Moreover, research revealed that loneliness and social isolation increase your risk of developing dementia. Plus, these two unhealthy feelings can contribute to your brain deterioration, progressing dementia into a more damaging illness called Alzheimer’s disease.
So, start joining the social activities offered in senior living communities if you want to preserve your brain’s health.
4. Manages Stress
Everybody has a different tolerance level for stress. Some may endure through it, while others may break down at just the slightest appearance of a stressful situation. Unfortunately, most seniors tend to have very little resilience against stress. They cannot cope with it as effectively as they did during their younger years.
However, you can change this response by engaging in healthy social relationships to manage stress better. In fact, socialization directly prevents and combats stress by:
- Stimulating your happy hormones and decreasing your anxiety levels. Thus, allowing you to be more confident in dealing with your stressor.

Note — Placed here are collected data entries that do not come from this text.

(* Write [l = n / d], [s = sqrt l] and [k = floor (y s + l)].  Then [Delta_n^a f_n (y)] is
   [s ^ (a + 1)] times the [a]-th forward difference at [k] of the Poisson weights
   [p k = l ^ k e ^ (- l) / k!].  The identity [(k + 1) p (k + 1) = l p k] makes these scaled
   differences satisfy a discrete form of the recursion [g^(a+1) y = - y g^(a) y - a g^(a-1) y]
   of the derivatives of the Gaussian [g], so both claims reduce, by induction on [a], to the
   case [a = 0]: the local limit theorem [s p k -> g y] and the bound [s p k <= C e ^ (- |x|)]
   with [x = (k - l) / s].  Both follow from the exact formula
   [s p k = exp (- ln (k / l) / 2 - r k - l h ((k - l) / l))], where
   [r k = ln k! - (k + 1/2) ln k + k] decreases to [ln (2 pi) / 2] (Stirling's formula, with the
   constant obtained from Wallis' integrals) and [h u = (1 + u) ln (1 + u) - u] behaves like
   [u ^ 2 / 2] near 0 and grows at least linearly for large [u]. *)

(** * Elementary inequalities *)

Lemma le_of_derive_nonneg (f df : R -> R) (a b : R) : a <= b ->
  (forall x, a <= x <= b -> is_derive f x (df x)) ->
  (forall x, a <= x <= b -> 0 <= df x) -> f a <= f b.
Proof.
intros hab hf hdf.
destruct (Req_dec a b) as [<-|hne]; [lra|].
destruct (MVT_gen f a b df) as [c [hc Ec]].
- intros x hx. apply hf. rewrite Rmin_left, Rmax_right in hx; lra.
- intros x hx. rewrite Rmin_left, Rmax_right in hx by lra.
  apply continuity_pt_filterlim, (ex_derive_continuous (V := R_NormedModule)).
  exists (df x). apply hf; lra.
- rewrite Rmin_left, Rmax_right in hc by lra.
  assert (0 <= df c) by (apply hdf; lra). nra.
Qed.
(* (i) If $\alpha<0$, there is a $\mathrm{TN}_3$ function $\Lambda:\mathbb{R}\to(0,\infty)$ such that $\Lambda^\alpha$ is not $\mathrm{TN}_3$ (e.g. $\Lambda(x)=e^{-x^2}$). (ii) Let $\alpha\ge0$, with the convention $0^0:=0$. Then $\Lambda^\alpha$ is $\mathrm{TN}_3$ for every $\mathrm{TN}_3$ function $\Lambda:\mathbb{R}\to\mathbb{R}$ if and only if $\alpha\ge1$.
   Context: A function $\Lambda:\mathbb{R}\to\mathbb{R}$ is $\mathrm{TN}_p$ if for all $1 \le r \le p$ and all real $x_1<\dots<x_r$, $y_1<\dots<y_r$, $\det(\Lambda(x_j-y_k))_{j,k=1}^r \ge 0$. $\Lambda^\alpha$ means $x\mapsto\Lambda(x)^\alpha$ (note $\mathrm{TN}_3$ functions are non-negative). *)

From HB Require Import structures.
From mathcomp Require Import all_boot all_order all_algebra.
From mathcomp Require Import all_classical all_reals exp.
Set Implicit Arguments. Unset Strict Implicit. Unset Printing Implicit Defensive.
Import Order.TTheory GRing.Theory Num.Theory.
Local Open Scope ring_scope.

Definition TN (R : realType) (p : nat) (L : R -> R) : Prop :=
  forall r : nat, (1 <= r <= p)%N ->
  forall x y : 'I_r -> R,
    (forall i j : 'I_r, (i < j)%N -> x i < x j) ->
    (forall i j : 'I_r, (i < j)%N -> y i < y j) ->
    0 <= \det (\matrix_(j < r, k < r) L (x j - y k)).

Definition tnpow (R : realType) (a alpha : R) : R :=
  if a == 0 then 0 else powR a alpha.

From HB Require Import structures.
From mathcomp Require Import all_boot all_order all_algebra.
From mathcomp Require Import all_classical all_reals sequences exp trigo.
From mathcomp Require Import ring lra.
Import Order.TTheory GRing.Theory Num.Theory.
Local Open Scope ring_scope.
(** Soundness only uses [m mod 2q]: [g] reads the p-free factorials mod [q] off one
    period, and [d %| q] makes residues mod [q] determine residues mod [d]. *)
Definition check_at (tbl : seq nat) (m : nat) (eX eB eC : gexpr) : bool :=
  let g N := nth 0 tbl (N %% (2 * q)) in
  let d := p ^ (K - vbound w p base k m.+1) in
  [&& d %| q, ~~ (p %| geval_mod q g m eX) & geval_mod q g m eB == geval_mod q g m eC %[mod d]].

Lemma dvdn_u_window m0 m : m0 <= m -> m = m0 %[mod 2 * q] ->
  p ^ vbound w p base k m0 %| u m.
Proof.
move=> le_m0m mm0; apply: dvdn_trans (dvdn_u_vbound p_prime u_digit_dvd w_ge_base k m).
apply/dvdn_exp2l/vbound_mono => //; first exact: prime_gt0.
by rewrite -(modn_dvdm m pk_dvd_2q) mm0 modn_dvdm.
Qed.

Lemma congr_of_check_at eX eB eC m0 m lhs rhs :
  check_at pfree_table m0 eX eB eC -> m0 <= m -> m = m0 %[mod 2 * q] ->
  geval pf m eX * lhs = geval pf m eB * u m.+1 -> geval pf m eX * rhs = geval pf m eC * u m.+1 ->
  lhs = rhs %[mod p ^ K].
Proof.
move=> /and3P[dvd_q ndvd_X BC] le_m0m mm0 Xlhs Xrhs.
have q_dvd_2q : q %| 2 * q by apply: dvdn_mull.
have ev e : geval_mod q (fun N => nth 0 pfree_table (N %% (2 * q))) m0 e = geval pf m e %% q.
  rewrite (@geval_modE _ pf) => [|N]; last first.
    by rewrite nth_mkseq ?ltn_pmod ?muln_gt0 // pfree_fact_modE modn_mod -pfree_fact_period.
  apply/esym/geval_congr => [a b|]; last by rewrite -(modn_dvdm m q_dvd_2q) mm0 modn_dvdm.
  by rewrite pfree_fact_period // -modnDml -modnMmr mm0 modnMmr modnDml -pfree_fact_period.
rewrite !ev in ndvd_X BC; move: BC; rewrite !modn_dvdm // => /eqP BC.
apply: (eqn_mod_of_ratio (prime_gt0 p_prime) _ _ BC Xlhs Xrhs).
  by rewrite coprime_sym prime_coprime // /dvdn -(modn_dvdm _ p_dvd_q).
apply: dvdn_u_window; first exact: le_m0m.
by rewrite -[m.+1]addn1 -[m0.+1]addn1 -modnDml mm0 modnDml.
Qed.

Definition lhs_expr (j : nat) : gexpr := gshift (digit_lhs p j).

Definition main_expr (a j : nat) : gexpr :=
  GMul (GLin (a * p) (a * (p + j) + 1)) (gshift (digit_rhs p j (coef j))).

Lemma lhs_expr_ratio a j m : j < p ->
  geval pf m (lhs_expr j) * ((a * (p * m.+1 + j) + 1) * u (p * m.+1 + j))
    = geval pf m (main_expr a j) * u m.+1.
Proof.
move=> lt_jp; rewrite /main_expr /lhs_expr; cbn [geval]; rewrite !geval_gshift.
transitivity ((a * (p * m.+1 + j) + 1) * (geval pf m.+1 (digit_lhs p j) * u (p * m.+1 + j))).
  by ring.
by rewrite u_digit //; ring.
Qed.

(** Two ways to handle the term [c1 * u m] of the right-hand side: [check_two] trades it
    for [u m.+1] through [u_succ], [check_one] kills it with the valuation bound. *)
Definition check_two (tbl : seq nat) (a c0 c1 j m : nat) : bool :=
  let eX := GMul (lhs_expr j) eZ in
  check_at tbl m eX (GMul eZ (main_expr a j))
    (GAdd (GMul (GLin 0 c0) eX)
          (GMul (GLin 0 (c1 %/ rho)) (GMul (lhs_expr j) (gcube (GLin 1 1))))).

Definition check_one (tbl : seq nat) (a c0 c1 j m : nat) : bool :=
  (p ^ (K - vbound w p base k m) %| c1)
  && check_at tbl m (lhs_expr j) (main_expr a j) (GMul (GLin 0 c0) (lhs_expr j)).

Lemma congr_of_check_two a c0 c1 j m0 m : j < p -> rho %| c1 ->
  check_two pfree_table a c0 c1 j m0 -> m0 <= m -> m = m0 %[mod 2 * q] ->
  (a * (p * m.+1 + j) + 1) * u (p * m.+1 + j) = c0 * u m.+1 + c1 * u m %[mod p ^ K].
Proof.
move=> lt_jp rho_c1 check le_m0m mm0; apply: (congr_of_check_at check le_m0m mm0).
  by cbn [geval]; rewrite mulnAC lhs_expr_ratio //; ring.
set c := c1 %/ rho; rewrite -(divnK rho_c1) -/c; cbn [geval gcube].
transitivity (geval pf m (lhs_expr j) * (geval pf m eZ * c0 * u m.+1
  + c * ((rho * geval pf m eZ) * u m))); first by ring.
by rewrite rho_eZ -u_succ; ring.
Qed.
(* Intermediate values: Im th(expi t) never vanishes on the open upper arc
   and equals 1 at t = PI/2. *)
Lemma endo_upper_half t : 0 < t < PI -> 0 < snd (th (expi t)).
Proof.
  intros Ht. pose proof PI_RGT_0.
  assert (Hmid : snd (th (expi (PI / 2))) = 1) by (rewrite expi_PI2, th_i; reflexivity).
  destruct (Rlt_le_dec 0 (snd (th (expi t)))) as [| Hle]; auto. exfalso.
  destruct (Req_dec (snd (th (expi t))) 0) as [Hz | Hnz];
    [exact (endo_expi_im_neq0 t Ht Hz) |].
  destruct (total_order_T t (PI / 2)) as [[Hlt | ->] | Hgt]; [| lra |].
  - destruct (IVT_interv (fun s => snd (th (expi s))) t (PI / 2)) as [z [Hz Hz0]];
      auto using endo_expi_im_continuous; try lra.
    apply (endo_expi_im_neq0 z); auto; lra.
  - destruct (IVT_interv (fun s => - snd (th (expi s))) (PI / 2) t) as [z [Hz Hz0]];
      try lra.
    + intros; apply continuity_pt_opp, endo_expi_im_continuous.
    + apply (endo_expi_im_neq0 z); [lra | simpl in Hz0; lra].
Qed.

Lemma endo_fixes_dyadic k : th (expi (PI / 2 ^ k)) = expi (PI / 2 ^ k).
Proof.
  pose proof PI_RGT_0. induction k as [| k IH].
  - replace (PI / 2 ^ 0) with PI by (simpl; field). rewrite expi_PI. apply endo_neg_one.
  - set (u := PI / 2 ^ S k).
    pose proof (pow_lt 2 k). pose proof (pow_R1_Rle 2 k).
    assert (Hu : 0 < u < PI).
    { unfold u; simpl. split; [apply Rdiv_lt_0_compat; lra |].
      apply (Rmult_lt_reg_r (2 * 2 ^ k)); [lra |].
      unfold Rdiv; rewrite Rmult_assoc, Rinv_l by lra. nra. }
    assert (Hsq : c2mul (th (expi u)) (th (expi u)) = c2mul (expi u) (expi u)).
    { rewrite <- th_mul, expi_add by apply inSpin2_expi.
      replace (u + u) with (PI / 2 ^ k) by (unfold u; simpl; field; lra).
      exact IH. }
    destruct (sqrt_unique _ _ (inSpin2_expi u) (th_spin _ (inSpin2_expi u)) Hsq)
      as [| Hneg]; auto.
    exfalso. pose proof (endo_upper_half u Hu) as Hup. rewrite Hneg in Hup.
    pose proof (sin_gt_0 u ltac:(lra) ltac:(lra)). unfold c2neg, expi in Hup; simpl in Hup. lra.
Qed.

(* th agrees with the identity on the dense set of dyadic angles. *)
Lemma endo_fixes_all x : inSpin2 x -> th x = x.
Proof.
  intros Hx. destruct (expi_surjective x Hx) as [t [Ht <-]].
  apply c2dist_arbitrarily_small. intros eps He.
  destruct (th_cont (expi t) Hx (eps / 2)) as [d1 [Hd1 Hth]]; [lra |].
  destruct (expi_continuous t (Rmin d1 (eps / 2))) as [d [Hd Hexpi]];
    [apply Rmin_pos; lra |].
  destruct (dyadic_multiples_dense t d Ht Hd) as [k [m Hclose]].
  set (s := INR m * (PI / 2 ^ k)) in Hclose.
  specialize (Hexpi s Hclose).
  pose proof (Rmin_l d1 (eps / 2)); pose proof (Rmin_r d1 (eps / 2)).
  specialize (Hth (expi s) (inSpin2_expi s) ltac:(lra)).
  assert (Hfix : th (expi s) = expi s)
    by exact (endo_fixes_multiples _ _ (endo_fixes_dyadic k)).
  rewrite Hfix in Hth.
  pose proof (c2dist_triangle (th (expi t)) (expi s) (expi t)).
  rewrite (c2dist_sym (expi s)) in *. lra.
Qed.

End ContinuousInjectiveEndomorphism.

Definition circle_aut (b : bool) (x : C2) : C2 := if b then x else conj2 x.

Lemma inSpin2_circle_aut b x : inSpin2 x -> inSpin2 (circle_aut b x).
Proof. destruct b; simpl; auto using inSpin2_conj. Qed.

Lemma circle_autK b x : circle_aut b (circle_aut b x) = x.
Proof. destruct b; simpl; auto using conj2K. Qed.

Lemma circle_aut_mul b x y : circle_aut b (c2mul x y) = c2mul (circle_aut b x) (circle_aut b y).
Proof. destruct b; simpl; auto using conj2_mul. Qed.

Lemma circle_aut_one b : circle_aut b c2one = c2one.
Proof. destruct b; [reflexivity |]. apply c2eq; simpl; ring. Qed.

Lemma cont_inj_endo_classification (th : C2 -> C2) :
  (forall x, inSpin2 x -> inSpin2 (th x)) ->
  (forall x y, inSpin2 x -> inSpin2 y -> th (c2mul x y) = c2mul (th x) (th y)) ->
  (forall x y, inSpin2 x -> inSpin2 y -> th x = th y -> x = y) ->
  (forall x, inSpin2 x -> forall eps, eps > 0 -> exists delta, delta > 0 /\
     forall y, inSpin2 y -> c2dist x y < delta -> c2dist (th x) (th y) < eps) ->
  exists b, forall x, inSpin2 x -> th x = circle_aut b x.
Proof.
  intros Hspin Hmul Hinj Hcont.
  destruct (endo_i th Hspin Hmul Hinj) as [Hi | Hi].
  - exists true. exact (endo_fixes_all th Hspin Hmul Hinj Hcont Hi).
  - exists false. intros x Hx. simpl.
    rewrite <- (conj2K (th x)). f_equal. revert x Hx.
    apply (endo_fixes_all (fun x => conj2 (th x))).
    + auto using inSpin2_conj.
    + intros; rewrite Hmul by auto; apply conj2_mul.
    + intros x y Hx Hy Hxy. apply Hinj; auto.
      rewrite <- (conj2K (th x)), Hxy, conj2K; reflexivity.
    + intros x Hx eps He. destruct (Hcont x Hx eps He) as [d [Hd Hc]].
      exists d; split; auto; intros; rewrite c2dist_conj2; auto.
    + rewrite Hi. apply c2eq; unfold conj2, c2neg, c2i; simpl; ring.
Qed.

Definition isometric_embedding (emb : C2 -> Amb) (proj : Amb -> C2) : Prop :=
  (forall x, proj (emb x) = x) /\
  (forall x y, amul (emb x) (emb y) = emb (c2mul x y)) /\
  (forall x y, adist (emb x) (emb y) = c2dist x y).

Lemma cont_mono_same_image (b : bool) (f emb : C2 -> Amb) (proj : Amb -> C2) :
  isometric_embedding emb proj -> mono_into b f -> same_image f emb -> cont_on_Spin2 f ->
  exists c, forall x, inSpin2 x -> f x = emb (circle_aut c x).
Proof.
  intros [Hproj [Hmul Hdist]] [_ [Mmul Minj]] Himg Hcont.
  assert (Hfact : forall x, inSpin2 x -> inSpin2 (proj (f x)) /\ f x = emb (proj (f x))).
  { intros x Hx.
    destruct (proj1 (Himg (f x)) (ex_intro _ x (conj Hx eq_refl))) as [y [Hy <-]].
    rewrite Hproj. auto. }
  destruct (cont_inj_endo_classification (fun x => proj (f x))) as [c Hc].
  - intros; apply Hfact; auto.
  - intros x y Hx Hy.
    rewrite Mmul, (proj2 (Hfact x Hx)), (proj2 (Hfact y Hy)), Hmul, !Hproj by auto.
    reflexivity.
  - intros x y Hx Hy Hxy. apply Minj; auto.
    rewrite (proj2 (Hfact x Hx)), (proj2 (Hfact y Hy)), Hxy; reflexivity.
  - intros x Hx eps He. destruct (Hcont x Hx eps He) as [d [Hd Hd']].
    exists d; split; auto. intros y Hy Hxy. specialize (Hd' y Hy Hxy).
    rewrite (proj2 (Hfact x Hx)), (proj2 (Hfact y Hy)), Hdist in Hd'. exact Hd'.
  - exists c. intros x Hx. rewrite <- Hc by auto. apply Hfact; auto.
Qed.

- Taking your mind off your stressor, thus worrying less than you should be.
- Having someone to lean on and take away the stress by listening to your worries.
- Helping you get over your stressor and finding ways to cope with it.
- Having a trusted person emotionally assist you through hard times decreases stress levels significantly.
Lower levels of stress also protect you from other chronic illnesses, such as diabetes, obesity, heart problems, and hypertension.
5. Improves Physical Health
Having an active social life not only impacts your mental and emotional wellness but also enhances your physical fitness. Social activities may not count as a form of formal exercise, but most activities get you up and moving, so there is really little difference.
Further, most physical workouts can become a social one if you want them to. This includes:
- Going to the gym with a friend or befriending another gym-goer.
- Striking a conversation in the fitness center with fellow seniors and making new friends.
- Inviting fellow senior living residents to walk around the community.
- Cycle, jog or enroll in an online fitness class with your loved one.
Moreover, having a friend or loved one to accompany, you will be more motivated to attend your gym classes and achieve your fitness goal. You get to bond with your loved one while strengthening your immune system and physique. So, what’s not to love?
These are just some of the many benefits of having an active social life. There’s no downside to it, so get out there and start being a social butterfly in your own way.
Whether you live alone or reside in a senior living community, there’s always a way to stay connected with others. You can get the help of technology to reach your distant family. Or expand your social circle by meeting new people through volunteering efforts.